(* Let $\mathcal A\subseteq E^\infty$, let $V\subseteq E$ be a block subspace, $\vec v$ a finite block sequence and $T$ a $(V,\vec v)$-rule. Then there is a block subspace $X\subseteq V$ such that for every $\vec x\in T$: if there exists a block subspace $Y\subseteq X$ such that player I has a strategy in $B^T_Y(\vec x)$ to play in $\mathcal A$, then for every block subspace $Y\subseteq X$, player I has a strategy in $B^T_Y(\vec x)$ to play in $\mathcal A$.
   Context: Fix a countable field $\mathfrak F$ and let $E$ be the countable-dimensional $\mathfrak F$-vector space with basis $(e_n)$. For non-zero $x=\sum a_ne_n$, ${\rm supp}\,x=\{n:a_n\neq0\}$. A block sequence is a sequence of non-zero vectors with $\max{\rm supp}\,x_n<\min{\rm supp}\,x_{n+1}$. ''Subspace'' means an infinite-dimensional block subspace of $E$. For a subspace $X$, $X[k]=\{x\in X\setminus\{0\}:k<\min{\rm supp}\,x\}$. $E^\infty=E^{\mathbb N}$ with the product of discrete topologies; $E^{<\infty}$ is the set of finite block sequences; $\hat{}$ is concatenation; $T_{\vec x}=\{\vec y:\vec x\,\hat{}\,\vec y\in T\}$. Game $B_V(\vec v)$: if $|\vec v|$ is even: II plays a subspace $Z_0\subseteq V$; I plays non-zero $x_0\in Z_0$ and $n_0\in\mathbb N$; II plays non-zero $y_0\in V[n_0]$ and a subspace $Z_1\subseteq V$; I plays $x_1\in Z_1$, $n_1$; II plays $y_1\in V[n_1]$, $Z_2$; etc.; outcome $\vec v\,\hat{}\,(x_0,y_0,x_1,y_1,\dots)$. If $|\vec v|$ is odd: I plays $n_0$; II plays $y_0\in V[n_0]$ and $Z_0\subseteq V$; I plays $x_0\in Z_0$ and $n_1$; II plays $y_1\in V[n_1]$ and $Z_1$; etc.; outcome $\vec v\,\hat{}\,(y_0,x_0,y_1,x_1,\dots)$. A $(V,\vec v)$-rule is a set $T\subseteq E^{<\infty}$ with $\vec v\in T$ such that: (i) if $\vec y\in T$, $|\vec y|$ odd, then for every subspace $Z\subseteq V$ there is $z\in Z$ with $\vec y\,\hat{}\,z\in T$; (ii) if $\vec y\in T$, $|\vec y|$ even, then there is $n$ with $\vec y\,\hat{}\,z\in T$ for all $z\in V[n]$. The $T$-induced subgame $B^T_V(\vec v)$ is played as $B_V(\vec v)$ with the additional requirement that every position, i.e. the finite sequence of vectors played so far listed in the order they appear in the outcome, belongs to $T_{\vec v}$. A strategy to play in $\mathcal A$ is one all of whose outcomes lie in $\mathcal A$. *)

From HB Require Import structures.
From mathcomp Require Import all_boot all_order all_algebra.
Set Implicit Arguments. Unset Strict Implicit. Unset Printing Implicit Defensive.
Import Order.TTheory GRing.Theory Num.Theory.
Local Open Scope ring_scope.

(* E = countable-dimensional F-vector space with basis (e_n):
   modelled as {poly F}, with e_n = 'X^n and the n-th coordinate x`_n. *)

Section Defs.
Variable F : countFieldType.
Local Notation E := {poly F}.

Definition supp_below (x y : E) : Prop :=
  forall i j, x`_i != 0 -> y`_j != 0 -> (i < j)%N.

Definition block_seq (b : nat -> E) : Prop :=
  (forall n, b n != 0) /\ (forall n, supp_below (b n) (b n.+1)).

Definition fin_block_seq (s : seq E) : Prop :=
  (forall i, (i < size s)%N -> nth 0 s i != 0) /\
  (forall i, (i.+1 < size s)%N -> supp_below (nth 0 s i) (nth 0 s i.+1)).

Definition span_of (b : nat -> E) (x : E) : Prop :=
  exists (n : nat) (c : 'I_n -> F), x = \sum_(i < n) c i *: b i.

Definition block_subspace (Z : E -> Prop) : Prop :=
  exists b : nat -> E, block_seq b /\ (forall x, Z x <-> span_of b x).

Definition subsp (Z V : E -> Prop) : Prop := forall x, Z x -> V x.

Definition tail_sp (X : E -> Prop) (k : nat) (x : E) : Prop :=
  X x /\ x != 0 /\ (forall i, x`_i != 0 -> (k < i)%N).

= = = = =

* _Directions for this task_
Reproduce verbatim the lines above, from the line with "(forall i, (i <" through the line with "exists (n : nat)".

* _Task solution_
  (forall i, (i < size s)%N -> nth 0 s i != 0) /\
  (forall i, (i.+1 < size s)%N -> supp_below (nth 0 s i) (nth 0 s i.+1)).

Definition span_of (b : nat -> E) (x : E) : Prop :=
  exists (n : nat) (c : 'I_n -> F), x = \sum_(i < n) c i *: b i.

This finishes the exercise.